Consider this example. We generate some target data by flipping a coin 10 times and recording whether it comes down as heads or tails. Next, we generate 20 features by flipping the coin 10 times for each feature and write down what we get. We then perform feature selection by picking the feature that matches the target data as closely as possible and use that as our prediction. If we then cross-validate, we will get an expected error rate slightly lower than 0.5. This is because we have chosen the feature on the basis of a correlation over both the training set and the test set in every fold of the cross-validation procedure. However, the true error rate is going to be 0.5 as the target data is simply random. If you perform feature selection independently within each fold of the cross-validation, the expected value of the error rate is 0.5 (which is correct).

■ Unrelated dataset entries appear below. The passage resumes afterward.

(* Let $(X,D)$ be a JS-metric space with a partial order $\le$ and let $F:X^2\to X$ have the mixed monotone property and satisfy, for some $k\in[0,1)$, $D(F(x,y),F(u,v))+D(F(y,x),F(v,u))\le k[D(x,u)+D(y,v)]$ for all $x\ge u$, $y\le v$. Let $w$ and $\tilde z$ be coupled fixed points of $F$ that are incomparable in $X^2$, and suppose there exists $z^*\in X^2$ which is an upper bound or a lower bound of both $w$ and $\tilde z$ in $X^2$, with $D_+(w,z^* )<\infty$ and $D_+(\tilde z,z^* )<\infty$. Then $w=\tilde z$.
   Context: Arithmetic is carried out in the extended reals. $(X,D)$ is a JS-metric space: $D:X\times X\to[0,\infty]$ satisfies (D1) $D(x,y)=0\Rightarrow x=y$; (D2) $D(x,y)=D(y,x)$; (D3) there exists $c>0$ such that for all $x,y\in X$ and every sequence $(x_n)$ with $\lim_n D(x_n,x)=0$, $D(x,y)\le c\limsup_n D(x_n,y)$. $D_+((x,y),(u,v))=D(x,u)+D(y,v)$. Partial order on $X^2$: $(u,v)\le(x,y)\iff u\le x$ and $v\ge y$; comparable means one is $\le$ the other. Mixed monotone property: $x_1\le x_2\Rightarrow F(x_1,y)\le F(x_2,y)$ and $y_1\le y_2\Rightarrow F(x,y_1)\ge F(x,y_2)$. A coupled fixed point is $(x,y)$ with $x=F(x,y)$, $y=F(y,x)$. *)

From Stdlib Require Import Reals.
Open Scope R_scope.

(* Extended reals [0, +oo] (nonnegativity of D is a separate hypothesis). *)
Inductive ER : Type := Fin (r : R) | Inf.

Definition ER_add (a b : ER) : ER :=
  match a, b with
  | Fin x, Fin y => Fin (x + y)
  | _, _ => Inf
  end.

(* scalar multiplication by a real constant k >= 0, convention 0 * oo = 0 *)
Definition ER_scal (k : R) (a : ER) : ER :=
  match a with
  | Fin x => Fin (k * x)
  | Inf => if Req_EM_T k 0 then Fin 0 else Inf
  end.

Definition ER_le (a b : ER) : Prop :=
  match a, b with
  | Fin x, Fin y => x <= y
  | _, Inf => True
  | Inf, Fin _ => False
  end.

Definition ER_finite (a : ER) : Prop := a <> Inf.

Definition ER_is_lub (S : ER -> Prop) (l : ER) : Prop :=
  (forall e, S e -> ER_le e l) /\ (forall m, (forall e, S e -> ER_le e m) -> ER_le l m).

Definition ER_is_glb (S : ER -> Prop) (l : ER) : Prop :=
  (forall e, S e -> ER_le l e) /\ (forall m, (forall e, S e -> ER_le m e) -> ER_le m l).

Definition ER_is_limsup (u : nat -> ER) (L : ER) : Prop :=
  exists s : nat -> ER,
    (forall N, ER_is_lub (fun e => exists n, (N <= n)%nat /\ e = u n) (s N)) /\
    ER_is_glb (fun e => exists N, e = s N) L.

Definition ER_tends_to_0 (u : nat -> ER) : Prop :=
  forall eps, 0 < eps -> exists N, forall n, (N <= n)%nat ->
    exists r, u n = Fin r /\ Rabs r < eps.

(* JS-metric (Jleli–Samet) axioms D1–D3, with D : X x X -> [0, oo]. *)
Definition JS_metric {X : Type} (D : X -> X -> ER) : Prop :=
  (forall x y r, D x y = Fin r -> 0 <= r) /\
  (forall x y, D x y = Fin 0 -> x = y) /\
  (forall x y, D x y = D y x) /\
  (exists c, 0 < c /\
     forall (x y : X) (xs : nat -> X),
       ER_tends_to_0 (fun n => D (xs n) x) ->
       forall L, ER_is_limsup (fun n => D (xs n) y) L ->
       ER_le (D x y) (ER_scal c L)).

Definition partial_order {X : Type} (le : X -> X -> Prop) : Prop :=
  (forall x, le x x) /\
  (forall x y, le x y -> le y x -> x = y) /\
  (forall x y z, le x y -> le y z -> le x z).

Definition le2 {X : Type} (le : X -> X -> Prop) (p q : X * X) : Prop :=
  le (fst p) (fst q) /\ le (snd q) (snd p).

Definition D_plus {X : Type} (D : X -> X -> ER) (p q : X * X) : ER :=
  ER_add (D (fst p) (fst q)) (D (snd p) (snd q)).

Definition mixed_monotone {X : Type} (le : X -> X -> Prop) (F : X -> X -> X) : Prop :=
  (forall x1 x2 y, le x1 x2 -> le (F x1 y) (F x2 y)) /\
  (forall x y1 y2, le y1 y2 -> le (F x y2) (F x y1)).

Definition coupled_fixed_point {X : Type} (F : X -> X -> X) (p : X * X) : Prop :=
  fst p = F (fst p) (snd p) /\ snd p = F (snd p) (fst p).

(* Let T(x, y) = (F(x, y), F(y, x)), so that coupled fixed points are the fixed points
   of T. By the mixed monotone property T preserves the order of X^2, so the orbit of the
   common bound z* stays comparable with every coupled fixed point v that is comparable
   with z*; the contraction hypothesis then gives D+(T^n z*, v) <= k^n D+(z*, v), which
   tends to 0 since D+(z*, v) is finite. Hence the components of T^n z* converge to those
   of w and of z~, and limits in a JS-metric space are unique by (D3) and (D1). *)

From Stdlib Require Import Reals Lra Classical ClassicalEpsilon.
Open Scope R_scope.

Lemma ER_add_Fin (a b : ER) (r : R) : ER_add a b = Fin r ->
  exists x y, a = Fin x /\ b = Fin y /\ r = x + y.
Proof.
  destruct a as [x|], b as [y|]; simpl; try discriminate.
  intros H; inversion H; eauto.
Qed.

Lemma ER_lub_exists (S : ER -> Prop) : (exists e, S e) -> exists l, ER_is_lub S l.
Proof.
  intros [e0 He0].
  assert (Inf_ub : forall e, S e -> ER_le e Inf) by (intros [] _; exact I).
  destruct (classic (S Inf)) as [HInf|HInf].
  - exists Inf; split; [exact Inf_ub|].
    intros m Hm; exact (Hm Inf HInf).
  - set (E := fun r => S (Fin r)).
    assert (HE : exists r, E r).
    { destruct e0 as [r0|]; [now exists r0|contradiction]. }
    destruct (classic (bound E)) as [Hb|Hnb].
    + destruct (completeness E Hb HE) as [l [Hl_ub Hl_least]].
      exists (Fin l); split.
      * intros [r|] Hr; [exact (Hl_ub r Hr)|contradiction].
      * intros [a|] Hm; [|exact I].
        apply Hl_least; intros r Hr; exact (Hm (Fin r) Hr).
    + exists Inf; split; [exact Inf_ub|].
      intros [a|] Hm; [|exact I].
      apply Hnb; exists a; intros r Hr; exact (Hm (Fin r) Hr).
Qed.

Lemma ER_tends_to_0_limsup (u : nat -> ER) :
  (forall n r, u n = Fin r -> 0 <= r) -> ER_tends_to_0 u -> ER_is_limsup u (Fin 0).
Proof.
  intros u_ge0 u_to0.
  set (Tail N := fun e => exists n, (N <= n)%nat /\ e = u n).
  assert (sup_ex : forall N, {s | ER_is_lub (Tail N) s}).
  { intros N; apply constructive_indefinite_description, ER_lub_exists.
    exists (u N), N; split; [apply Nat.le_refl|reflexivity]. }
  set (s N := proj1_sig (sup_ex N)).
  assert (s_lub : forall N, ER_is_lub (Tail N) (s N)) by (intros N; exact (proj2_sig (sup_ex N))).
  assert (s_ge0 : forall N, ER_le (Fin 0) (s N)).
  { intros N; destruct (s_lub N) as [s_ub _].
    specialize (s_ub (u N) (ex_intro _ N (conj (Nat.le_refl N) eq_refl))).
    destruct (s N); [|exact I].
    destruct (u N) as [x|] eqn:E; [|contradiction].
    specialize (u_ge0 N x E); simpl in *; lra. }
  assert (s_small : forall eps, 0 < eps -> exists N, ER_le (s N) (Fin eps)).
  { intros eps Heps; destruct (u_to0 eps Heps) as [N HN]; exists N.
    apply (proj2 (s_lub N)); intros e [n [Hn ->]].
    destruct (HN n Hn) as [r [-> Hr]]; apply Rabs_def2 in Hr; simpl; lra. }
  exists s; split; [exact s_lub|split].
  - intros e [N ->]; apply s_ge0.
  - intros [a|] Hm.
    + simpl; apply Rnot_lt_le; intro Ha.
      destruct (s_small (a / 2)) as [N HN]; [lra|].
      specialize (Hm _ (ex_intro _ N eq_refl)).
      destruct (s N); simpl in *; [lra|contradiction].
    + destruct (s_small 1) as [N HN]; [lra|].
      specialize (Hm _ (ex_intro _ N eq_refl)).
      destruct (s N); simpl in *; contradiction.
Qed.

Lemma ER_le_geometric (u : nat -> ER) (k r0 : R) :
  0 <= k -> u 0%nat = Fin r0 ->
  (forall n, ER_le (u (S n)) (ER_scal k (u n))) ->
  forall n, exists r, u n = Fin r /\ r <= k ^ n * r0.
Proof.
  intros Hk Hu0 Hstep; induction n as [|n [r [Hr Hle]]].
  - exists r0; split; [exact Hu0|simpl; lra].
  - specialize (Hstep n); rewrite Hr in Hstep; simpl in Hstep.
    destruct (u (S n)) as [r'|]; [|contradiction].
    exists r'; split; [reflexivity|simpl in Hstep |- *].
    assert (k * r <= k * (k ^ n * r0)) by (apply Rmult_le_compat_l; lra); lra.
Qed.

Lemma ER_tends_to_0_geometric (u : nat -> ER) (k : R) :
  (forall n r, u n = Fin r -> 0 <= r) -> 0 <= k < 1 ->
  (forall n, ER_le (u (S n)) (ER_scal k (u n))) -> ER_finite (u 0%nat) ->
  ER_tends_to_0 u.
Proof.
  intros u_ge0 Hk Hstep Hfin.
  destruct (u 0%nat) as [r0|] eqn:Hu0; [|congruence].
  pose proof (u_ge0 _ _ Hu0) as Hr0.
  pose proof (ER_le_geometric u k r0 (proj1 Hk) Hu0 Hstep) as Hgeom.
  intros eps Heps.
  destruct (pow_lt_1_zero k ltac:(rewrite Rabs_right; lra) (eps / (r0 + 1)))
    as [N HN]; [apply Rdiv_lt_0_compat; lra|].
  exists N; intros n Hn.
  destruct (Hgeom n) as [r [Hr Hle]]; exists r; split; [exact Hr|].
  pose proof (u_ge0 _ _ Hr) as Hr_ge0.
  assert (Hkn : 0 <= k ^ n) by (apply pow_le; lra).
  specialize (HN n Hn); rewrite Rabs_right in HN by lra.
  assert (k ^ n * (r0 + 1) < eps).
  { apply (Rmult_lt_compat_r (r0 + 1)) in HN; [|lra].
    unfold Rdiv in HN; rewrite Rmult_assoc, Rinv_l in HN by lra; lra. }
  rewrite Rabs_right; nra.
Qed.

Lemma ER_tends_to_0_add (u v : nat -> ER) :
  (forall n r, u n = Fin r -> 0 <= r) -> (forall n r, v n = Fin r -> 0 <= r) ->
  ER_tends_to_0 (fun n => ER_add (u n) (v n)) -> ER_tends_to_0 u /\ ER_tends_to_0 v.
Proof.
  intros u_ge0 v_ge0 Huv.
  split; intros eps Heps; destruct (Huv eps Heps) as [N HN]; exists N; intros n Hn;
    destruct (HN n Hn) as [r [Hr Hlt]];
    destruct (ER_add_Fin _ _ _ Hr) as [a [b [Ha [Hb ->]]]];
    pose proof (u_ge0 _ _ Ha); pose proof (v_ge0 _ _ Hb);
    rewrite Rabs_right in Hlt by lra.
  - exists a; split; [exact Ha|rewrite Rabs_right; lra].
  - exists b; split; [exact Hb|rewrite Rabs_right; lra].
Qed.

Lemma JS_limit_unique (X : Type) (D : X -> X -> ER) (a b : X) (xs : nat -> X) :
  JS_metric D ->
  ER_tends_to_0 (fun n => D (xs n) a) -> ER_tends_to_0 (fun n => D (xs n) b) -> a = b.
Proof.
  intros [D_ge0 [D_eq0 [_ [c [Hc D3]]]]] Ha Hb.
  pose proof (D3 a b xs Ha (Fin 0)
               (ER_tends_to_0_limsup _ (fun n => D_ge0 _ _) Hb)) as Hab.
  destruct (D a b) as [r|] eqn:E; [|contradiction].
  apply D_eq0; rewrite E; apply D_ge0 in E; simpl in Hab; f_equal; nra.
Qed.

Definition coupled_map {X : Type} (F : X -> X -> X) (q : X * X) : X * X :=
  (F (fst q) (snd q), F (snd q) (fst q)).

Section CoupledContraction.

Variables (X : Type) (D : X -> X -> ER) (le : X -> X -> Prop) (F : X -> X -> X) (k : R).

Hypothesis D_ge0 : forall x y r, D x y = Fin r -> 0 <= r.
Hypothesis D_sym : forall x y, D x y = D y x.
Hypothesis le_trans : forall x y z, le x y -> le y z -> le x z.
Hypothesis F_mixed : mixed_monotone le F.
Hypothesis k_range : 0 <= k < 1.
Hypothesis F_contract : forall x y u v, le u x -> le y v ->
  ER_le (ER_add (D (F x y) (F u v)) (D (F y x) (F v u)))
        (ER_scal k (ER_add (D x u) (D y v))).

Let T := coupled_map F.

Lemma coupled_map_fixed (v : X * X) : coupled_fixed_point F v -> T v = v.
Proof. destruct v as [v1 v2]; intros [Hv1 Hv2]; unfold T, coupled_map; simpl in *; congruence. Qed.

Lemma coupled_map_le2 (p q : X * X) : le2 le p q -> le2 le (T p) (T q).
Proof.
  destruct F_mixed as [F_incr F_decr].
  intros [H1 H2]; split; simpl.
  - apply le_trans with (F (fst q) (snd p)); [apply F_incr|apply F_decr]; assumption.
  - apply le_trans with (F (snd p) (fst q)); [apply F_incr|apply F_decr]; assumption.
Qed.

Lemma coupled_iter_le2 (p q : X * X) (n : nat) :
  le2 le p q -> le2 le (Nat.iter n T p) (Nat.iter n T q).
Proof. intros Hpq; induction n as [|n IH]; [exact Hpq|apply coupled_map_le2, IH]. Qed.

Lemma coupled_iter_fixed (v : X * X) (n : nat) :
  coupled_fixed_point F v -> Nat.iter n T v = v.
Proof.
  intros Hv; induction n as [|n IH]; [reflexivity|].
  simpl; rewrite IH; apply coupled_map_fixed, Hv.
Qed.

Lemma D_plus_sym (p q : X * X) : D_plus D p q = D_plus D q p.
Proof. unfold D_plus; rewrite (D_sym (fst p)), (D_sym (snd p)); reflexivity. Qed.

Lemma coupled_map_contract (p q : X * X) :
  le2 le p q \/ le2 le q p ->
  ER_le (D_plus D (T p) (T q)) (ER_scal k (D_plus D p q)).
Proof.
  intros [[H1 H2]|[H1 H2]].
  - rewrite (D_plus_sym (T p)), (D_plus_sym p).
    exact (F_contract (fst q) (snd q) (fst p) (snd p) H1 H2).
  - exact (F_contract (fst p) (snd p) (fst q) (snd q) H1 H2).
Qed.

Lemma coupled_iter_tends_to (v p : X * X) :
  coupled_fixed_point F v -> le2 le v p \/ le2 le p v -> ER_finite (D_plus D p v) ->
  ER_tends_to_0 (fun n => D (fst (Nat.iter n T p)) (fst v)) /\
  ER_tends_to_0 (fun n => D (snd (Nat.iter n T p)) (snd v)).
Proof.
  intros Hv Hcomp Hfin.
  assert (orbit_comparable : forall n, le2 le (Nat.iter n T p) v \/ le2 le v (Nat.iter n T p)).
  { intros n; rewrite <- (coupled_iter_fixed v n Hv).
    destruct Hcomp; [right|left]; apply coupled_iter_le2; assumption. }
  apply ER_tends_to_0_add; try (intros n; apply D_ge0).
  apply (ER_tends_to_0_geometric _ k); [|exact k_range| |exact Hfin].
  - intros n r Hr; destruct (ER_add_Fin _ _ _ Hr) as [a [b [Ha [Hb ->]]]].
    apply D_ge0 in Ha; apply D_ge0 in Hb; lra.
  - intros n; change (ER_le (D_plus D (T (Nat.iter n T p)) v)
                            (ER_scal k (D_plus D (Nat.iter n T p) v))).
    rewrite <- (coupled_map_fixed v Hv) at 1.
    apply coupled_map_contract, orbit_comparable.
Qed.

End CoupledContraction.

Theorem mainTheorem13 (X : Type) (D : X -> X -> ER) (le : X -> X -> Prop)
  (F : X -> X -> X) (k : R) (w z zs : X * X) :
  JS_metric D ->
  partial_order le ->
  mixed_monotone le F ->
  0 <= k < 1 ->
  (forall x y u v, le u x -> le y v ->
     ER_le (ER_add (D (F x y) (F u v)) (D (F y x) (F v u)))
           (ER_scal k (ER_add (D x u) (D y v)))) ->
  coupled_fixed_point F w ->
  coupled_fixed_point F z ->
  ~ le2 le w z -> ~ le2 le z w ->
  ((le2 le w zs /\ le2 le z zs) \/ (le2 le zs w /\ le2 le zs z)) ->
  ER_finite (D_plus D w zs) ->
  ER_finite (D_plus D z zs) ->
  w = z.
Proof.
  intros HJS [_ [_ le_trans]] F_mixed Hk F_contract Hw Hz _ _ Hbound Hfw Hfz.
  pose proof HJS as [D_ge0 [_ [D_sym _]]].
  assert (Hw_comp : le2 le w zs \/ le2 le zs w) by tauto.
  assert (Hz_comp : le2 le z zs \/ le2 le zs z) by tauto.
  rewrite (D_plus_sym X D D_sym) in Hfw, Hfz.
  pose proof (coupled_iter_tends_to X D le F k D_ge0 D_sym le_trans F_mixed Hk F_contract)
    as orbit_tends_to.
  destruct (orbit_tends_to w zs Hw Hw_comp Hfw) as [W1 W2].
  destruct (orbit_tends_to z zs Hz Hz_comp Hfz) as [Z1 Z2].
  destruct w as [w1 w2], z as [z1 z2]; f_equal.
  - exact (JS_limit_unique X D w1 z1 _ HJS W1 Z1).
  - exact (JS_limit_unique X D w2 z2 _ HJS W2 Z2).
Qed.
(* A matrix commuting with [N] is determined by its first row: comparing row 0
   of [N ^+ k * Z] and [Z * N ^+ k] isolates row [k] of [Z] given the rows below. *)
Lemma regular_nil_comm_row0_inj X Y :
  GRing.comm N X -> GRing.comm N Y -> row 0 X = row 0 Y -> X = Y.
Proof.
move=> NX NY XY0; apply/eqP; rewrite -subr_eq0; apply/eqP.
set Z := X - Y; have NZ : GRing.comm N Z by apply: commrB.
have Z0 j : Z 0 j = 0 by move/rowP/(_ j): XY0; rewrite !mxE => ->; rewrite subrr.
clearbody Z; suff rowZ t (k : 'I_n.+1) : (n < k + t)%N -> row k Z = 0.
  by apply/row_matrixP => k; rewrite row0 (rowZ n.+1) //; lia.
elim: t k => [|t IHt] k lt_n_kt; first by have := ltn_ord k; lia.
apply/rowP => l; rewrite !mxE.
have : (N ^+ k * Z) 0 l = 0.
  by rewrite -(commrX k (commr_sym NZ)) -mulmxE mxE big1 // => j _; rewrite Z0 mul0r.
rewrite -mulmxE mxE (bigD1 k) //= big1 ?addr0.
  by move/eqP; rewrite mulf_eq0 (negbTE (regular_nil_exp_neq0 _)) //= => /eqP.
move=> j /eqP ne_jk; have [lt_jk | gt_jk | eq_jk] := ltngtP j k.
- by rewrite regular_nil_exp_eq0 ?mul0r.
- have lt_n_jt : (n < j + t)%N by lia.
  have /rowP/(_ l) := IHt j lt_n_jt.
  by rewrite !mxE => ->; rewrite mulr0.
- by case: ne_jk; apply: val_inj.
Qed.

Lemma regular_nil_centralizer X : GRing.comm N X -> X = centr_of_row0 N (row 0 X).
Proof.
move=> NX; apply: regular_nil_comm_row0_inj => //; first exact: pow_comb_comm.
by rewrite row0_centr_of_row0.
Qed.

Lemma regular_nil_comm_trans X Y : GRing.comm N X -> GRing.comm N Y -> GRing.comm X Y.
Proof.
move=> NX /regular_nil_centralizer ->; apply: commr_sum => k _.
by apply: commr_sym; rewrite /GRing.comm -scalerAl -scalerAr (commrX k (commr_sym NX)).
Qed.

Lemma pow_comb_lower c (i j : 'I_n.+1) : (j < i)%N -> pow_comb N c i j = 0.
Proof.
move=> lt_ji; rewrite summxE big1 // => k _.
by rewrite mxE regular_nil_exp_eq0 ?mulr0 // (leq_trans lt_ji (leq_addr _ _)).
Qed.

Lemma pow_comb_diag c (i : 'I_n.+1) : pow_comb N c i i = c 0 0.
Proof.
rewrite summxE big_ord_recl big1 ?addr0 => [|k _].
  by rewrite mxE expr0 -idmxE mxE eqxx mulr1.
by rewrite mxE regular_nil_exp_eq0 ?mulr0 // addnS ltnS leq_addr.
Qed.

End Regular.
End RegularNilpotent.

The key idea is that cross-validation is a way of estimating the generalization performance of a process for building a model, so you need to repeat the whole process in each fold. Otherwise, you will end up with a biased estimate, or an under-estimate of the variance of the estimate (or both).

HTH

Here is some MATLAB code that performs a Monte-Carlo simulation of this setup, with 56 features and 259 cases, to match your example, the output it gives is:

Biased estimator: erate = 0.429210 (0.397683 - 0.451737)

Unbiased estimator: erate = 0.499689 (0.397683 - 0.590734)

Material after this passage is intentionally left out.